Vibration, rattles and the labouring noises of an engine in distress are there if you go looking for them, but if you stir the gearstick as instructed by the dashboard shift indicator, the engine remains a willing and refined companion. The leather-topped lever is nicely precise too, even if it does make you feel somewhat like you’re lining up to pot a red with every shift. The stubby lever falls easily to hand, but the chunky, immovable centre armrest forces your elbow into the air in pool-hall fashion as you work up and down the six forward speeds. Sadly there’s no relaxing auto option if you want the DRIVe-spec with its tax-busting 114 g/km CO2 score.

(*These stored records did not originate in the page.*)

Lemma covers_join_irr a b : covers a b -> exists p, [/\ join_irrb p, ~~ (p <= a) &
  forall q, join_irrb q -> (q <= b) = (q <= a) || (q == p)].
Proof.
move=> cov; have [ab _] := cov.
have [p [jp pb npa]] : exists p, [/\ join_irrb p, p <= b & ~~ (p <= a)].
  case: (boolP [exists p, [&& join_irrb p, p <= b & ~~ (p <= a)]]) => [|none].
    by case/existsP=> p /and3P[]; exists p.
  suff : b <= a by rewrite lt_geF.
  apply: le_join_irr => p jp pb; apply: contraNT none => npa.
  by apply/existsP; exists p; rewrite jp pb.
exists p; split=> // q jq; apply/idP/idP => [qb|/orP[qa|/eqP->//]]; last first.
  exact: le_trans qa (ltW ab).
apply/orP; case: (boolP (q <= a)) => [|nqa]; [by left | right].
have qp : q <= p.
  have qap : q <= a `|` p by rewrite (covers_join cov pb npa).
  by move: (join_irr_prime jq qap); rewrite (negbTE nqa).
have paq : p <= a `|` q by rewrite (covers_join cov qb nqa).
by rewrite eq_le qp /=; move: (join_irr_prime jp paq); rewrite (negbTE npa).
Qed.

Definition rank_in (C : {set D}) x := #|[set p in C | p <= x]|.

Lemma rank_in_le (C : {set D}) x y : x <= y -> rank_in C x <= rank_in C y.
Proof.
move=> xy; apply/subset_leq_card/subsetP => p; rewrite !inE => /andP[-> px].
exact: le_trans px xy.
Qed.

Lemma chain_rank_inj (C : {set D}) x y : chain C -> rank_in C x = rank_in C y ->
  [set p in C | p <= x] = [set p in C | p <= y].
Proof.
move=> ch; rewrite /rank_in => e.
have [sub|] := boolP ([set p in C | p <= x] \subset [set p in C | p <= y]).
  by apply/eqP; rewrite eqEcard sub e leqnn.
case/subsetPn => p; rewrite !inE => /andP[pC px] /nandP[/negP//|npy].
apply/esym/eqP; rewrite eqEcard e leqnn andbT; apply/subsetP => q; rewrite !inE.
case/andP=> qC qy; rewrite qC; case/orP: (ch q p qC pC) => [/le_trans->//|pq].
by rewrite (le_trans pq qy) in npy.
Qed.
(* Let $k_+,k_-$ be integers with $0\leq k_-\leq k_+\leq 3$ and $k_++k_-\geq 1$, and set $\alpha \triangleq \max\{2k_+^2,3\}$. Let $D \geq 2$ and $K\geq 1$ be integers, and let $p\equiv\pm 5\pmod{12}$ be a prime such that $(\alpha K+1)^D \leq p$. For each integer $0\leq m < DK^2$ define \[C_m\triangleq \Big\{ x= \sum_{i=0}^{D-1} x_i (\alpha K+1)^i : x_i\in\mathbb{Z},\ 0\leq x_i\leq K,\ \sum_{i=0}^{D-1}x_i^2=m \Big\}. \] Let $G \triangleq \mathbb{Z}_{3k_++2k_-+1} \times \mathbb{Z}_p\times \mathbb{Z}_p$ and \[ S_m\triangleq \{ s_x : x \in C_m \}, \quad \text{where } s_x \triangleq (1,x \bmod p,x^2 \bmod p) \in G.\] Then $G\geq M\diamond_2 S_m$ for every $0\leq m < DK^2$, where $M\triangleq [-k_-,k_+]^*$.
   Context: $[a,b]=\{a,a+1,\dots,b\}$ and $[a,b]^*=[a,b]\setminus\{0\}$. For a finite Abelian group $G$, a finite set $M\subseteq\mathbb{Z}\setminus\{0\}$ and $S=\{s_1,\dots,s_n\}\subseteq G$, we write $G\ge M\diamond_t S$ if the elements $\mathbf{e}\cdot(s_1,\dots,s_n)=\sum_i e_is_i$, over all $\mathbf{e}\in(M\cup\{0\})^n$ with $1\le\mathrm{wt}(\mathbf{e})\le t$, are all distinct and non-zero in $G$ (here $e_is_i$ is the $e_i$-fold group multiple and $\mathrm{wt}$ the Hamming weight). *)

From HB Require Import structures.
From mathcomp Require Import all_boot all_order all_algebra.
Set Implicit Arguments. Unset Strict Implicit. Unset Printing Implicit Defensive.
Import Order.TTheory GRing.Theory Num.Theory.
Local Open Scope ring_scope.

(* S = {s_1,...,s_n} is given as a duplicate-free sequence; e ranges over
   coefficient vectors indexed by positions 'I_n (n = size S). *)
Definition wt (n : nat) (e : {ffun 'I_n -> int}) : nat :=
  #|[set i | e i != 0]|.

That downsized motor is the only real clue to the tricks Volvo has played to get such a big, spacious car under 120 grams. If you squat down at the front, you might notice that much of the grille has been blanked off to reduce drag. But there are no other signs beyond the badge on the rump. The wheels are fashionable 17-inch spoked alloys, shod with 50-profile ContiSport Contact3 tyres rather than low-resistance eco slippers. The suspension is not uncomfortably hunkered down, and the gearing feels naturally spaced.

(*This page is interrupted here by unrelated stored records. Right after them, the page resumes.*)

(* Let $d\ge 2$ and let $D\subset T_d$ be a domain with $|D|\ge 2$ and $|D|\equiv 2\pmod{d-1}$. Then $D$ is optimal if and only if $D$ is full.
   Context: $T_d$ is the $d$-regular tree (connected, acyclic, every vertex of degree $d$). A domain is a finite nonempty connected set $D$ of vertices of $T_d$, identified with its induced subgraph. For $x\in D$, $\deg_D(x)$ is the number of neighbours of $x$ lying in $D$. The (inner vertex) boundary is $\partial D=\{x\in D:\deg_D(x)<d\}$. For $k\ge1$, $I_d(k)=\min\{|\partial D| : D\subset T_d \text{ a domain with } |D|=k\}$, and $D$ is optimal if $|\partial D|=I_d(|D|)$. For $|D|\ge2$, $R(D)=\{x\in\partial D: 2\le \deg_D(x)\le d-1\}$ and $D$ is full if $R(D)=\emptyset$. *)

From mathcomp Require Import all_boot.
Set Implicit Arguments. Unset Strict Implicit. Unset Printing Implicit Defensive.

(* Model of the d-regular tree T_d: vertices are reduced words over the
   alphabet 'I_d (no two consecutive equal letters), i.e. elements of the
   free product of d copies of Z/2Z; x ~ y iff one is the other extended by
   one letter.  Every vertex then has exactly d neighbours. *)
Definition vtx (d : nat) := seq 'I_d.

Definition reduced (d : nat) (x : vtx d) : bool :=
  sorted (fun a b : 'I_d => a != b) x.

Definition child (d : nat) (x y : vtx d) : bool :=
  (size y == (size x).+1) && (take (size x) y == x).
Definition adj (d : nat) (x y : vtx d) : bool := child x y || child y x.

(* A finite vertex set is represented by a duplicate-free list. *)
Definition connected_set (d : nat) (D : seq (vtx d)) : Prop :=
  forall x y, x \in D -> y \in D ->
    exists p : seq (vtx d),
      [/\ path (@adj d) x p, last x p = y & all (fun z => z \in D) p].

Definition domain (d : nat) (D : seq (vtx d)) : Prop :=
  [/\ uniq D, D != [::], all (@reduced d) D & connected_set D].

Definition degD (d : nat) (D : seq (vtx d)) (x : vtx d) : nat :=
  count (adj x) D.

Definition bnd (d : nat) (D : seq (vtx d)) : seq (vtx d) :=
  [seq x <- D | degD D x < d].

Definition optimal (d : nat) (D : seq (vtx d)) : Prop :=
  forall D' : seq (vtx d), domain D' -> size D' = size D ->
    size (bnd D) <= size (bnd D').

Definition Rset (d : nat) (D : seq (vtx d)) : seq (vtx d) :=
  [seq x <- bnd D | (2 <= degD D x) && (degD D x <= d.-1)].

Definition full (d : nat) (D : seq (vtx d)) : Prop := Rset D = [::].

From mathcomp Require Import all_boot zify.
Set Implicit Arguments. Unset Strict Implicit. Unset Printing Implicit Defensive.

(* Let D be a domain with n >= 2 vertices, P of them interior (of degree d).
   The degrees sum to 2(n-1), since every vertex but the unique one without a
   parent in D has exactly one parent in D.  Every vertex has degree at least 1,
   those of R(D) at least 2 and interior ones d, so (d-1)P + |R(D)| <= n - 2;
   if D is full every vertex has degree 1 or d and (d-1)P = n - 2.  As
   |bnd D| = n - P, a full domain has the smallest boundary among domains of
   its size.  Conversely, for n = 2 mod (d-1) a caterpillar (a path of
   (n-2)/(d-1) vertices together with all their neighbours) has
   (d-1)P = n - 2, so an optimal D satisfies (d-1)P >= n - 2, which forces
   R(D) to be empty. *)

Lemma count_sum (T : Type) (a : pred T) (s : seq T) :
  count a s = \sum_(x <- s) a x.
Proof. by rewrite -sumn_count sumnE big_map. Qed.

Lemma uniq_leq_count (T : eqType) (a : pred T) (s L : seq T) :
  uniq L -> {subset L <= [pred z in s | a z]} -> size L <= count a s.
Proof.
move=> uL sub; rewrite -size_filter; apply: uniq_leq_size => // z /sub.
by rewrite mem_filter andbC.
Qed.

Lemma uniq_size_le1 (T : eqType) (s : seq T) :
  uniq s -> {in s &, forall a b, a = b} -> size s <= 1.
Proof.
case: s => [|a [|b s]] //= /andP[aNs _] eq_s.
by move: aNs; rewrite (eq_s a b) ?inE ?eqxx ?orbT.
Qed.

Section Tree.
Variable d : nat.
Implicit Types (x y : vtx d) (D : seq (vtx d)).

Lemma childP x y : reflect (exists a, y = rcons x a) (child x y).
Proof.
apply: (iffP andP) => [[/eqP sy /eqP ty]|[a ->]]; last first.
  by rewrite size_rcons -cats1 take_size_cat.
have := cat_take_drop (size x) y; rewrite ty.
have : size (drop (size x) y) = 1 by rewrite size_drop sy subSnn.
by case: (drop _ _) => [|a [|]] // _ <-; exists a; rewrite cats1.
Qed.

Lemma child_rcons x a : child x (rcons x a).
Proof. by apply/childP; exists a. Qed.

Lemma child_size x y : child x y -> size y = (size x).+1.
Proof. by move=> /childP[a ->]; rewrite size_rcons. Qed.

Lemma parent_unique x x' y : child x y -> child x' y -> x = x'.
Proof. by move=> /childP[a ->] /childP[b /rcons_inj[]]. Qed.

Lemma adj_sym : symmetric (@adj d).
Proof. by move=> x y; rewrite /adj orbC. Qed.

Lemma degD_split D x : degD D x = count (child x) D + count (fun z => child z x) D.
Proof.
rewrite /degD -count_predUI (@eq_count _ (predI _ _) pred0) ?count_pred0 ?addn0 //.
by move=> y /=; apply/negP => /andP[/child_size h1 /child_size h2]; lia.
Qed.

Definition parentless D y := ~~ has (fun z => child z y) D.

Lemma has_parentless D : D != [::] -> has (parentless D) D.
Proof.
move=> nD; apply/negPn/negP => /hasPn noroot.
suff deep n y : y \in D -> n <= size y.
  case: D nD noroot deep => // y D _ _ /(_ (size y).+1 y).
  by rewrite mem_head ltnn => /(_ isT).
elim: n y => // n IHn y yD.
have /hasP[x xD /child_size->] := negbNE (noroot y yD).
exact: IHn.
Qed.

Lemma prefix_path_parentless D t v p : parentless D t ->
  path (@adj d) v p -> all (fun z => z \in D) p -> prefix t v -> prefix t (last v p).
Proof.
move=> tD; elim: p v => //= u p IHp v /andP[vu up] /andP[uD pD] tv.
apply: IHp => //; case/orP: vu => [/childP[a ->]|/childP[a vE]].
  exact: prefix_trans tv (prefix_rcons v a).
move: tv; rewrite vE => /prefixP[s]; case/lastP: s => [|s b].
  rewrite cats0 => tE; move/hasPn: tD => /(_ u uD).
  by rewrite -tE child_rcons.
by rewrite -rcons_cat => /rcons_inj[-> _]; apply: prefix_prefix.
Qed.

There’s stop-start of course, which functions with faultless precision. The engine halts when the car is stationary in neutral, and restarts as you depress the clutch to engage first gear before moving off. Dipping the clutch will reanimate a stalled engine, and changing your mind just at the moment the engine switches off fails to outfox the system. The engine is always there thrumming away when it’s needed, but sits silent and still when it isn’t.
If you don’t want the engine to cut out, you can keep it running by hitting a small button ahead of the gearlever that carries the DRIVe logo. One touch will immediately start a stopped engine and prevent it from going into hibernation again until either the button is pressed again, or the car is switched off. By default, the S60 wakes up with stop-start enabled.
In the cockpit, the ambience is suitably plush. The seats are fantastically comfortable. All the plastics look and feel top drawer, the shapes are restrained and buttons all sited logically. The wheel-mounted cruise control buttons couldn’t be simpler or more instantly intuitive, and I liked and used the facility to set a limit on speed, beyond which further throttle inputs are simply ignored. It’s a great feature for motorway cruising, particularly if your licence isn’t pristine. The S60 would be a great motorway mile muncher, if only there was somewhere to rest your left shoe. No doubt the home-market left-hooker has a footrest.
At least it’s quiet, and capable of climbing motorway inclines in sixth, so once you’ve wedged your foot under the clutch you don’t have to worry about extricating it. At 70mph in top the engine spins at just 2100rpm, good for a steady 55mpg and yet also capable of quickly summoning enough torque for relaxed overtaking. The official combined cycle result is an optimistic 65.7mpg. I managed 47.3mpg, according to the car itself, although about a quarter of my test miles were done in heavy traffic.
Major drawbacks? I’m not sure I could live with the S60’s electronic handbrake. It’s activated by a little flap hiding down to the right of the steering wheel. You pull the lever to release, and push it to engage. In other words, it requires an upside-down action performed with the wrong hand. And there was no hill-hold to stop my test car rolling back, so I had to release (by which I mean pull) the lever at the right time with the wrong hand to perform a safe hill start. It quite reminded me of learning to drive, which is one memory lane I didn’t particularly want to roll down backwards.
All in all, the S60 DRIVe’s faults are mostly niggles, but it’s a shame that they are there at all. This is a good car with a few too many ragged edges.
I wanted to like the S60, but it left me unconvinced. It turns out 115bhp is quite enough to move the car, but the car itself didn’t manage to move me.